Британский режиссер Грэм Вик поставил в Мариинском театре оперу Мусоргского «Борис Годунов» как злободневный горестный политический памфлет.
Тая детали, мистер Вик интриговал: мол, в стороне от актуальных российских событий его «Годунов» не остается. Но мы же знаем, как долог технологический процесс подготовки спектакля со сложными масштабными декорациями, потому можно с уверенностью сказать: многоопытный английский режиссер провидел эти события задолго до их начала.
Боюсь, за беспощадную наблюдательность Вика вместе с художником Стюартом Нанном нарекут современными де Кюстинами — их глаз точно подметил черты, по которым мы часто скользим, не видя.
Народ согнали просить Бориса на руководящую должность в типовой бетонный брежневский Дворец съездов: обшарпанный донельзя, с отвалившейся местами мраморной плиткой, выходом служит проем под лестницей, где навалены мешки с мусором и ломаная мебель. Герб СССР уже содрали, но еще не спрятали. Венчание на царство: срывают грязноватые драпировки, за ними — стоящий диагонально гигантский, во всю высь, иконостас с царскими вратами, под углом — золоченый борт театрального балкона. Келья Пимена — всего лишь стол на фоне этого иконостаса, только пространство сверху косой дугой отрезает черный занавес. Дальше декорация превращается в корчму на литовской границе: фрагменты иконостаса разъезжаются, открывая неоновую рекламу и двери стрип-бара, но остальные части алтарной преграды так и стоят. Это главный сценографический образ спектакля: в России всё происходит везде и одновременно. На него работают и многочисленные анахронизмы: челночницы с клетчатыми сумками — и мобильники, костюмы явно начала 1990-х — и ноутбуки у Пимена и маленького Феди Годунова и т. д. Хотя формально время все-таки движется: Дворец съездов к концу правления царя Бориса починили, водрузили орла о двух головах, балкон декорировали триколором — и теперь здесь Госдума. Уже, ввиду того что власть шатается, успевшая стать местом для дискуссий — под гербом красной краской намалевано: «Народ хочет перемен». Тетки в трауре являются с заготовленными венками, игнорируя годуновское «Я царь еще», и, едва дождавшись последнего хрипа, заваливают ими тело.

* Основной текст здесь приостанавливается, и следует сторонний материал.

Lemma positive_invertible_monomial2 : exists c X Y,
  [/\ {in Gp &, forall u v, 0 < c u v}, forall u v, X u v \in Gm,
      forall u v, Y u v \in Gm & A = monomial2 c X Y].
Proof.
pose pt u v := odflt (1, 1)%g
  [pick i | [&& 0 < A i, fplus Gp Gm i.1 == u & fplus Gp Gm i.2 == v]].
have ptP u v : u \in Gp -> v \in Gp ->
    [/\ 0 < A (pt u v), fplus Gp Gm (pt u v).1 = u & fplus Gp Gm (pt u v).2 = v].
  move=> Hu Hv; rewrite /pt; case: pickP => [i /and3P[Ai /eqP e1 /eqP e2] | none] //=.
  have [i [Ai e1 e2]] := support_meets_fibre A_ge0 B_ge0 AB1 Hu Hv.
  by have := none i; rewrite Ai e1 e2 !eqxx.
exists (fun u v => A (pt u v)), (fun u v => fminus Gp Gm (pt u v).1),
       (fun u v => fminus Gp Gm (pt u v).2).
split=> //; first by move=> u v Hu Hv; case: (ptP u v Hu Hv).
apply/ffunP => k; rewrite ffunE; symmetry.
transitivity (\sum_(u in Gp) \sum_(v in Gp)
  A k * (u == fplus Gp Gm k.1)%:R * (v == fplus Gp Gm k.2)%:R); last first.
  by under eq_bigr => u _ do rewrite sum_delta_in //; rewrite sum_delta_in.
apply: eq_bigr => u Hu; apply: eq_bigr => v Hv.
have [Apt e1 e2] := ptP u v Hu Hv.
have -> : point2 (fun u v => fminus Gp Gm (pt u v).1) (fun u v => fminus Gp Gm (pt u v).2) u v
          = pt u v.
  by rewrite /point2; case: (pt u v) e1 e2 => g1 g2 /= <- <-; rewrite !mul_fplus_fminus.
have [-> | ne] := eqVneq k (pt u v); first by rewrite e1 e2 !eqxx !mulr1.
rewrite mulr0; have [Ak | ] := boolP (0 < A k).
  have [eu | ] := eqVneq u (fplus Gp Gm k.1); last by rewrite mulr0 mul0r.
  have [ev | ] := eqVneq v (fplus Gp Gm k.2); last by rewrite mulr0.
  by case/eqP: ne; apply: support_fibre_uniq; rewrite ?e1 ?e2.
by rewrite lt0r A_ge0 andbT negbK => /eqP ->; rewrite !mul0r.
Qed.
Definition delta (n : nat) (la : seq nat) (m : nat) : nat :=
  (\sum_(n - m + 1 <= i < n + 1) conj_part la i)%N.

(* regular filling: entry of the cell in column c (0-indexed, from the left)
   and row j (0-indexed, counted from the bottom).  The bottom cell (j = 0)
   gets n - c; the cells above receive, from top to bottom, the consecutive
   integers 1 + A, ..., A + (lambda'_{c+1} - 1), A = sum_{d<c} (lambda'_{d+1} - 1). *)
Definition reg_filling (n : nat) (la : seq nat) (c j : nat) : nat :=
  if j == 0%N then (n - c)%N
  else ((\sum_(d < c) (conj_part la d.+1 - 1)) + (conj_part la c.+1 - j))%N.

Section Poly.
Variables (k : fieldType) (n : nat).

Definition esym (S : {set 'I_n}) (r : nat) : {mpoly k[n]} :=
  \sum_(T : {set 'I_n} | (T \subset S) && (#|T| == r)) \prod_(i in T) 'X_i.

Definition ideal_gen (G : {mpoly k[n]} -> Prop) (p : {mpoly k[n]}) : Prop :=
  exists l : seq ({mpoly k[n]} * {mpoly k[n]}),
    (forall q, q \in l -> G q.2) /\ p = \sum_(q <- l) q.1 * q.2.

Definition idealD (I J : {mpoly k[n]} -> Prop) (p : {mpoly k[n]}) : Prop :=
  exists a b, I a /\ J b /\ p = a + b.

Definition DP_gens (la : seq nat) (p : {mpoly k[n]}) : Prop :=
  exists (m r : nat) (S : {set 'I_n}),
    [/\ (1 <= m <= n)%N, (m - delta n la m < r <= m)%N, #|S| = m & p = esym S r].
Definition DP_ideal (la : seq nat) := ideal_gen (DP_gens la).

Definition M_gens (la : seq nat) (p : {mpoly k[n]}) : Prop :=
  exists S : {set 'I_n}, #|S| = (n - part1 la + 1)%N /\ p = \prod_(i in S) 'X_i.
Definition M_ideal (la : seq nat) := ideal_gen (M_gens la).

Definition E_gens (la : seq nat) (p : {mpoly k[n]}) : Prop :=
  exists r : nat, (1 <= r < plen la)%N /\ p = esym [set: 'I_n] r.
Definition E_ideal (la : seq nat) := ideal_gen (E_gens la).

Definition K_gens (la : seq nat) (p : {mpoly k[n]}) : Prop :=
  exists (m j : nat) (S : {set 'I_n}),
    [/\ (n - part1 la + 1 <= m <= n - 1)%N,
        (1 <= j < conj_part la (n - m).+1)%N,
        #|S| = m & p = esym S (reg_filling n la (n - m) j)].
Definition K_ideal (la : seq nat) := ideal_gen (K_gens la).

End Poly.

(* Every generator e_r(S) of I_lambda, with |S| = m and r > m - delta_m, lies in
   M + E + K, by induction on m.  If r >= n - lambda_1 + 1 it is a sum of
   square-free monomials of degree at least n - lambda_1 + 1.  If r also exceeds
   (m - 1) - delta_(m-1), the identity (m - r) e_r(S) = sum_(x in S) e_r(S - x)
   (char 0) reduces it to generators of I_lambda in m - 1 variables.  Otherwise
   r lies in the window (m - delta_m, (m - 1) - delta_(m-1)], and the window is
   exactly the set of entries of the regular filling strictly above the bottom
   cell of column n - m; for m < n this is a generator of K, for m = n the window
   is (0, ell(lambda) - 1] and r gives a generator of E.  Conversely the same
   window description shows that the generators of M, E and K are generators
   of I_lambda. *)

From Pilot Require Import Defs.
From mathcomp Require Import all_boot all_order all_algebra.
From mathcomp Require Import mpoly zify.
Import GRing.Theory.
Local Open Scope ring_scope.
Set Implicit Arguments. Unset Strict Implicit.

Section Ideals.
Variables (k : fieldType) (n : nat).
Local Notation P := {mpoly k[n]}.

Definition is_ideal (I : P -> Prop) :=
  [/\ I 0, forall a b, I a -> I b -> I (a + b) & forall c a, I a -> I (c * a)].

Lemma ideal_gen_ideal (G : P -> Prop) : is_ideal (ideal_gen G).
Proof.
split.
- by exists [::]; rewrite big_nil.
- move=> _ _ [l1 [G1 ->]] [l2 [G2 ->]]; exists (l1 ++ l2); rewrite big_cat.
  by split=> // q; rewrite mem_cat => /orP[/G1|/G2].
- move=> c _ [l [Gl ->]]; exists [seq (c * q.1, q.2) | q <- l]; split.
  + by move=> q /mapP[q' /Gl Gq' ->].
  + by rewrite big_map mulr_sumr; apply: eq_bigr => q _; rewrite mulrA.
Qed.

Lemma ideal_gen_sub (G : P -> Prop) p : G p -> ideal_gen G p.
Proof.
move=> Gp; exists [:: (1, p)]; rewrite big_seq1 mul1r.
by split=> // q; rewrite inE => /eqP ->.
Qed.

Lemma ideal_gen_min (G I : P -> Prop) : is_ideal I -> (forall p, G p -> I p) ->
  forall p, ideal_gen G p -> I p.
Proof.
move=> [I0 ID IM] GI _ [l [Gl ->]]; elim: l Gl => [|q l IHl] Gl.
  by rewrite big_nil.
rewrite big_cons; apply: ID; first by apply/IM/GI/Gl; rewrite mem_head.
by apply: IHl => q' lq'; apply: Gl; rewrite inE lq' orbT.
Qed.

Подробно проработаны не только вещественные, но и психологические детали. Героям и хору придумана достоверная жизнь. Типажи, мизансцены, реакции узнаваемы. Спектакль — ни в коем случае не карикатура, но трезвая констатация без гнева и пристрастия. Это ведь мы свыклись с абсурдным сосуществованием имперской и советской символики, с причудливым гибридом КГБ и РПЦ, и нам не в диковину, когда ОМОН мочит население — а для чего он тогда вообще придуман? Вик же воспринимает наши реалии как нелепые, безумные, бесчеловечные — и дотошно их воспроизводит, пытаясь понять правду чужой души.
Как раз благодаря тому, что эта правда найдена, спектакль захватывает. В нем сложился цельный сильный ансамбль, поют все очень достойно и точны каждый в своем образе, от Евгения Акимова — Шуйского в политбюрошной шапке-пирожке до Андрея Попова — Юродивого, хиппаря во вьетнамках и с косяком. Евгений Никитин в заглавной партии феноменален: великолепный вокал, чеканное актерское мастерство и мощнейшая харизма. С первых же слов первого монолога «Скорбит душа» по спине поползли мурашки, и дальше это чувство не отпускало ни на секунду пребывания Никитина на сцене. Большой трагический артист!
Восхищения заслуживает и Валерий Гергиев, не только как дирижер, мастерски озвучивший партитуру первой редакции оперы Мусоргского со всей ее шероховатостью и варварским саспенсом, но прежде всего как художественный руководитель, позволивший этому умному и смелому спектаклю быть.